ROTATIONAL STIFFNESS AND BENDING STRENGTH OF STEEL CONNECTIONS IN TIMBER LATTICE SHELL

Abstract

 In recent years, timber structures are popularly applied for lattice shell roofs to create a long span space due to lightweight and aesthetics. This research proposes several types of steel connections for timber lattice shells improving structural performance and architectural appearance. The out-of-plane flexural strength and rotational stiffness of the proposed connections are examined by full-scale experiments. Based on the experimental results, the seismic performance of timber lattice shell roofs using proposed connections is investigated.
 Dimensions of a single-layer timber lattice shell are assumed to be 24 m × 24 m × 3.2 m. The five types of connections are proposed for this single layer lattice shell as shown in Fig. 2. Rectangular laminated timber members are fixed to tee or wide flange section with lag screws. These connections basically resist to out-of-plane bending moment by the pull-out force of lag screws and bearing force between the timber members and steel connections as shown in Fig. 3. Tests on three specimens for each type of connection were carried out to confirm the rotational stiffness, flexural strength and fracture mode with respect to out-of-plane bending.
 Numerical simulations of a single-layered timber lattice shells illustrated in Figs. 7 and 8 using proposed five types of connections were conducted to investigate their buckling loads. The strength reduction factor for elastic buckling load against linear buckling load α₀ was estimated approximately as 0.9. Fig. 10 shows that the strength reduction factor due to connection stiffness β(κ), stipulated in AIJ Recommendation for Design of Latticed Shell Roof Structures (AIJ Rec for Shell), and found to be less than the calculated values in numerical simulations with evaluated connection stiffness in the tests. The effect of timber shear stiffness on the strength reduction factor was also investigated. At last, elastic buckling load of timber lattice shells could be estimated multiplying reduction factors α₀ and β(κ) to linear buckling load. The findings are summarized as follows.
 (1) The maximum flexural strength of the proposed connections ranges 0.34 to 0.87 times the laminated material bending strength M_b, and the normalized rotational stiffness ratio κ (Eq. (56)) ranges from 7.5 to 22. This rotational stiffness ratio values indicate that the proposed connections are categorized as medium stiffness for single layer timber lattice shells.

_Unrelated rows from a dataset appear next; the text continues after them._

(* Let $R$ be a discrete $\Gamma$-ring and $w\in R[2]$ a formal sum law in $R$. For every $k\ge1$ and every pointed map $f:[2^k]\to[2^{k-1}]$ such that $f(1_{2^k})=1_{2^{k-1}}$ in $H\mathbb{N}[2^{k-1}]$ (i.e. $f$ maps exactly $2^{k-1}$ elements of $\{1,\dots,2^k\}$ bijectively onto $\{1,\dots,2^{k-1}\}$ and the rest to $0$), one has $f(w^k)=w^{k-1}$ in $R[2^{k-1}]$.
   Context: Let $[n]=\{0,1,\dots,n\}$, pointed at $0$. A $\Gamma$-space is a functor $F$ from finite pointed sets $[n]$ and pointed maps to pointed simplicial sets with $F[0]$ a point; for a pointed map $f$ we write $f$ also for $F(f)$. $\Sigma_n$ acts on $F[n]$ via permutations of $\{1,\dots,n\}$. We identify $[n]\wedge[m]$ with $[nm]$ via $i\wedge j\mapsto (j-1)n+i$. A $\Gamma$-ring is a $\Gamma$-space $R$ with unit $1\in R[1]$ and an associative unital multiplication given by natural maps $R(K)\wedge R(L)\to R(K\wedge L)$, $p\wedge q\mapsto pq$; it is discrete if all $R(K)$ are sets. For $w\in R[2]$, $w^k\in R[2^k]$ is the $k$-fold product. $p^n_i:[n]\to[n-1]$ is given by $p^n_i(j)=j$ for $j<i$, $p^n_i(i)=0$, $p^n_i(j)=j-1$ for $j>i$. $H\mathbb{N}[k]=\mathbb{N}^k$ (reduced free commutative monoid on $[k]$, pointed maps act by summing coefficients along fibres), and $1_n=(1,\dots,1)\in H\mathbb{N}[n]$. A formal sum law in $R$ is $w\in R[2]$ with $p^2_1(w)=p^2_2(w)=1$ and with $w^k$ fixed by $\Sigma_{2^k}$ for all $k\ge1$. *)

(* Discrete Gamma-rings over the skeleton [n] = {0,...,n},
   encoded as 'I_n.+1 with basepoint ord0. *)
From HB Require Import structures.
From mathcomp Require Import all_boot.
Set Implicit Arguments. Unset Strict Implicit. Unset Printing Implicit Defensive.

Record ptmap (n m : nat) := PMap {
  pfun :> 'I_n.+1 -> 'I_m.+1;
  pfun0 : pfun ord0 == ord0 }.

Lemma pid_subproof n : (@id 'I_n.+1) ord0 == ord0. Proof. exact: eqxx. Qed.
Definition pid n : ptmap n n := PMap (@pid_subproof n).

Lemma pcomp_subproof n m l (g : ptmap m l) (f : ptmap n m) : (g \o f) ord0 == ord0.
Proof. by rewrite /= (eqP (pfun0 f)) (pfun0 g). Qed.
Definition pcomp n m l (g : ptmap m l) (f : ptmap n m) : ptmap n l :=
  PMap (pcomp_subproof g f).

(* smash product of pointed maps, using [n] ^ [m] = [nm], i ^ j |-> (j-1)n + i *)
Definition smash_fun n m n' m' (f : ptmap n n') (g : ptmap m m')
  (k : 'I_(n * m).+1) : 'I_(n' * m').+1 :=
  if nat_of_ord k == 0 then ord0 else
  let fi : 'I_n'.+1 := f (inord ((k.-1 %% n).+1)) in
  let gj : 'I_m'.+1 := g (inord ((k.-1 %/ n).+1)) in
  if (nat_of_ord fi == 0) || (nat_of_ord gj == 0) then ord0
  else inord ((nat_of_ord gj).-1 * n' + fi).

Lemma smash_subproof n m n' m' (f : ptmap n n') (g : ptmap m m') :
  smash_fun f g ord0 == ord0.
Proof. by rewrite /smash_fun eqxx. Qed.
Definition smash n m n' m' (f : ptmap n n') (g : ptmap m m') : ptmap (n * m) (n' * m') :=
  PMap (smash_subproof f g).

Definition pface_fun n (i : nat) (j : 'I_n.+2) : 'I_n.+1 :=
  if nat_of_ord j < i then inord j
  else if nat_of_ord j == i then ord0 else inord (nat_of_ord j).-1.

Lemma pface_subproof n (i : nat) : i != 0 -> @pface_fun n i ord0 == ord0.
Proof.
rewrite /pface_fun /= lt0n => ->.
by apply/eqP; apply: val_inj; rewrite /= inordK.
Qed.
Definition pface n i (hi : i != 0) : ptmap n.+1 n := PMap (pface_subproof n hi).

Definition p2_1 : ptmap 2 1 := @pface 1 1 isT.
Definition p2_2 : ptmap 2 1 := @pface 1 2 isT.

Record GammaRing := {
  gcar : nat -> Type;
  gbase : forall n, gcar n;
  gact : forall n m, ptmap n m -> gcar n -> gcar m;
  gone : gcar 1;
  gmul : forall n m, gcar n -> gcar m -> gcar (n * m);
  gact_id : forall n (x : gcar n), gact (pid n) x = x;
  gact_comp : forall n m l (g : ptmap m l) (f : ptmap n m) (x : gcar n),
      gact (pcomp g f) x = gact g (gact f x);
  gact_base : forall n m (f : ptmap n m), gact f (gbase n) = gbase m;
  gcar0 : forall x y : gcar 0, x = y;
  (* multiplication is defined on the smash product *)
  gmul_basel : forall n m (q : gcar m), gmul (gbase n) q = gbase (n * m);
  gmul_baser : forall n m (p : gcar n), gmul p (gbase m) = gbase (n * m);
  gmul_nat : forall n m n' m' (f : ptmap n n') (g : ptmap m m') p q,
      gact (smash f g) (gmul p q) = gmul (gact f p) (gact g q);
  gmul1 : forall n (p : gcar n),
      eq_rect _ gcar (gmul gone p) _ (mul1n n) = p;
  gmulr1 : forall n (p : gcar n),
      eq_rect _ gcar (gmul p gone) _ (muln1 n) = p;
  gmulA : forall n m l (p : gcar n) (q : gcar m) (r : gcar l),
      eq_rect _ gcar (gmul p (gmul q r)) _ (mulnA n m l) = gmul (gmul p q) r
}.

Fixpoint wpow (R : GammaRing) (w : gcar R 2) (k : nat) : gcar R (2 ^ k) :=
  match k with
  | 0 => gone R
  | k'.+1 => eq_rect _ (gcar R) (gmul (wpow w k') w) _ (esym (expnSr 2 k'))
  end.

(* H N : action of pointed maps on N^[n] (coordinate 0 ignored) *)
Definition hN_act n m (f : ptmap n m) (x : 'I_n.+1 -> nat) (j : 'I_m.+1) : nat :=
  \sum_(i | f i == j) x i.
Definition hN_ones n (i : 'I_n.+1) : nat := (i != ord0).

Definition formal_sum_law (R : GammaRing) (w : gcar R 2) : Prop :=
  gact p2_1 w = gone R /\ gact p2_2 w = gone R /\
  forall k, 0 < k -> forall s : ptmap (2 ^ k) (2 ^ k), injective s ->
    gact s (wpow w k) = wpow w k.

(* Write M = 2^k = N * 2 with N = 2^(k-1), so that
   w^k = w^(k-1) w.  The map "id_[N] smash p^2_1" : [N * 2] -> [N] collapses the
   first copy of {1..N} to the basepoint and shifts the second copy down by N.
   Any pointed map f : [M] -> [N] whose nonzero fibres are singletons (the
   condition f(1_M) = 1_N in HN) is this kind of collapse precomposed with a
   permutation sigma of [M]: sigma lists the kernel of f first and sends the
   other points x to (M - N) + f(x).  Hence
     f(w^(k-1) w) = (id smash p^2_1)(sigma(w^k)) = (id smash p^2_1)(w^(k-1) w)
                  = w^(k-1) p^2_1(w) = w^(k-1) 1 = w^(k-1),
   using in turn the Sigma-invariance of w^k, naturality of the product, the
   axiom p^2_1(w) = 1 and the right unit law. *)
From Pilot Require Import Defs.
From Stdlib Require Import FunctionalExtensionality.
From mathcomp Require Import all_boot zify.
Set Implicit Arguments. Unset Strict Implicit.

Lemma ptmap_ext n m (f g : ptmap n m) : f =1 g -> f = g.
Proof.
case: f g => f f0 [g g0] /= /functional_extensionality fg; subst g.
by rewrite (bool_irrelevance f0 g0).
Qed.

Lemma castpm_subproof a b (e : a = b) : cast_ord (congr1 S e) ord0 == ord0.
Proof. by apply/eqP; apply: val_inj. Qed.
Definition castpm a b (e : a = b) : ptmap a b := PMap (castpm_subproof e).

Lemma gact_cast (R : GammaRing) a b (e : a = b) (x : gcar R a) :
  gact (castpm e) x = eq_rect a (gcar R) x b e.
Proof.
case: b / e => /=; rewrite -[RHS](gact_id x); congr gact.
by apply: ptmap_ext => i; apply: val_inj.
Qed.

Lemma smash_id_p21_val N (hN : 0 < N) (u : 'I_(N * 2).+1) :
  nat_of_ord (smash (pid N) p2_1 u) = if N < u then u - N else 0.
Proof.
rewrite /= /smash_fun; case: eqP => [-> // | u0].
have hu := ltn_ord u.
have Hd := divn_eq u.-1 N; have Hr := ltn_pmod u.-1 hN.
set q := u.-1 %/ N in Hd *; set r := u.-1 %% N in Hd Hr *.
have hq : q < 2 by nia.
rewrite /= /pface_fun /= (@inordK N r.+1) // (@inordK 2 q.+1) //.
case: q hq Hd => [|[|q]] // _ Hd /=; first by case: ifP => //; lia.
rewrite (@inordK 1 1) //= mul0n add0n inordK; last by lia.
by case: ifP; lia.
Qed.

Section UnitFibreFactorization.
Variables (M N : nat) (f : ptmap M N).
Hypothesis hf : forall j : 'I_N.+1, j != ord0 -> hN_act f (@hN_ones _) j = 1.

Let f0 : f ord0 = ord0. Proof. exact/eqP/(pfun0 f). Qed.

Lemma unit_fibre_inj x y : f x = f y -> f x != ord0 -> x = y.
Proof.
move=> fxy fx_nz; apply/eqP/negPn/negP => nxy.
have := hf fx_nz; rewrite /hN_act (bigD1 x) //= (bigD1 y) /=; last first.
  by rewrite -fxy eqxx eq_sym.
have x_nz : x != ord0 by apply: contraNneq fx_nz => ->; rewrite f0.
have y_nz : y != ord0 by apply: contraNneq fx_nz; rewrite fxy => ->; rewrite f0.
by rewrite /hN_ones x_nz y_nz.
Qed.

Definition kernel := [pred x : 'I_M.+1 | (x != ord0) && (f x == ord0)].

(* Counting the M nonbase points fibre by fibre: #|kernel| + N = M. *)
Lemma card_kernel : #|kernel| + N = M.
Proof.
have card_nz n : #|[pred i : 'I_n.+1 | i != ord0]| = n.
  by rewrite cardC1 card_ord.
have sum_ones : \sum_(i : 'I_M.+1) hN_ones i = M.
  rewrite -[RHS]card_nz -sum1_card.
  by rewrite [LHS](bigD1 ord0) //= add0n; apply: eq_bigr => i; rewrite /hN_ones => ->.
have fibre0 : hN_act f (@hN_ones _) ord0 = #|kernel|.
  rewrite /hN_act -sum1_card big_mkcond /= [RHS]big_mkcond /=.
  apply: eq_bigr => i _.
  by rewrite inE /hN_ones; case: (f i == ord0); case: (i != ord0).
rewrite -[in RHS]sum_ones (partition_big f predT) //= (bigD1 ord0) //=.
rewrite -[X in X + _]fibre0 -[X in _ + X]card_nz -sum1_card.
by congr addn; apply: eq_big => // j /hf.
Qed.

Let zs := enum kernel.

Let in_zs x : f x = ord0 -> x != ord0 -> x \in zs.
Proof. by rewrite mem_enum /kernel inE => -> ->. Qed.

Let index_lt x : f x = ord0 -> x != ord0 -> index x zs < M - N.
Proof.
by move=> fx x0; rewrite -[M in M - N]card_kernel addnK cardE index_mem in_zs.
Qed.

Definition sigma_fun (x : 'I_M.+1) : 'I_M.+1 :=
  if f x != ord0 then inord (M - N + f x)
  else if x == ord0 then ord0 else inord (index x zs).+1.

Lemma sigma_val x : nat_of_ord (sigma_fun x) =
  if f x != ord0 then M - N + f x else if x == ord0 then 0 else (index x zs).+1.
Proof.
have := card_kernel; have := ltn_ord (f x); rewrite /sigma_fun.
case: ifP => fx ? ?; first by rewrite inordK //; lia.
case: ifP => x0 //; rewrite inordK //.
by have := index_lt (eqP (negbFE fx)) (negbT x0); lia.
Qed.

Lemma sigma_subproof : sigma_fun ord0 == ord0.
Proof. by rewrite /sigma_fun f0 eqxx. Qed.
Definition sigma : ptmap M M := PMap sigma_subproof.

(* sigma is a permutation: the two blocks are disjoint and each is injective. *)
Lemma sigma_inj : injective sigma.
Proof.
move=> x y /(congr1 (@nat_of_ord _)); rewrite /= !sigma_val.
case: (f x =P ord0) => fx; case: (f y =P ord0) => fy /=.
- case: (x =P ord0) => [->|/eqP x0]; case: (y =P ord0) => [->|/eqP y0] //= [] e.
  by rewrite -(nth_index ord0 (in_zs fx x0)) e nth_index // in_zs.
- have : 0 < f y by rewrite lt0n; apply/eqP => fy0; apply: fy; exact: val_inj.
  case: (x =P ord0) => [_ /= | /eqP x0]; first lia.
  by have := index_lt fx x0; lia.
- have : 0 < f x by rewrite lt0n; apply/eqP => fx0; apply: fx; exact: val_inj.
  case: (y =P ord0) => [_ /= | /eqP y0]; first lia.
  by have := index_lt fy y0; lia.
- move=> e; apply: unit_fibre_inj; last exact/eqP.
  by apply: val_inj; move: e => /eqP; rewrite eqn_add2l => /eqP.
Qed.

Lemma unit_fibre_factor x :
  nat_of_ord (f x) = if M - N < sigma x then sigma x - (M - N) else 0.
Proof.
rewrite /= sigma_val; case: (f x =P ord0) => [fx | /eqP fx]; rewrite ?fx /=.
  case: (x =P ord0) => [// | /eqP x0].
  by have := index_lt fx x0; case: ifP; lia.
have : 0 < f x by rewrite lt0n.
by case: ifP; lia.
Qed.

End UnitFibreFactorization.

Lemma unit_fibre_act_mul (R : GammaRing) (w : gcar R 2) (hw1 : gact p2_1 w = gone R)
  N (hN : 0 < N) M (e : N * 2 = M) (x : gcar R N) (f : ptmap M N)
  (hf : forall j : 'I_N.+1, j != ord0 -> hN_act f (@hN_ones _) j = 1)
  (hsym : forall s : ptmap M M, injective s ->
     gact s (eq_rect _ (gcar R) (gmul x w) _ e) = eq_rect _ (gcar R) (gmul x w) _ e) :
  gact f (eq_rect _ (gcar R) (gmul x w) _ e) = x.
Proof.
case: M / e f hf hsym => f hf hsym /=.
have f_eq : f = Defs.pcomp (castpm (muln1 N)) (Defs.pcomp (smash (pid N) p2_1) (sigma f)).
  apply: ptmap_ext => v; apply: val_inj => /=.
  have twoN_subN : N * 2 - N = N by rewrite muln2 -addnn addnK.
  by rewrite smash_id_p21_val // (unit_fibre_factor hf) twoN_subN.
rewrite f_eq !gact_comp hsym; last exact: sigma_inj.
by rewrite gmul_nat gact_id hw1 gact_cast gmulr1.
Qed.

(* w^k = w^(k-1) w is Sigma-invariant, so unit_fibre_act_mul applies. *)
Theorem lemma2p2p1 (R : GammaRing) (w : gcar R 2) (hw : formal_sum_law w)
  (k : nat) (hk : 0 < k) (f : ptmap (2 ^ k) (2 ^ k.-1))
  (hf : forall j : 'I_(2 ^ k.-1).+1, j != ord0 -> hN_act f (@hN_ones _) j = 1) :
  gact f (wpow w k) = wpow w k.-1.
Proof.
case: k hk f hf => // k _ f hf /=.
case: hw => hw1 [_ hsym].
exact: (unit_fibre_act_mul hw1 (expn_gt0 2 k) hf (hsym k.+1 isT)).
Qed.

 (2) In tee flange connections, the rotational stiffness and flexural strength increase as the wrap length elongates. The wide flange connections exhibited maximum flexural strength, though the rotational stiffness is smaller than other connections with equivalent wrap length,
 (3) Evaluation formulas to calculate the rotational stiffness and the flexural strength for the proposed connections are provided. The values calculated by the formulas generally correspond to the test results with a safety margin.
 (4) The knockdown factor β(κ) for the buckling load of timber lattice shells in of each connections range from 0.74 to 0.87, which is applicable for practical design of single-layered timber lattice shell roofs.
 (5) The elastic buckling load of timber lattice shell roofs with the proposed connections can be evaluated multiplying the reduction factor γ_t , the knockdown factor β(κ) f and the reduction coefficient α₀ which can be assumed 0.9 to the linear buckling load.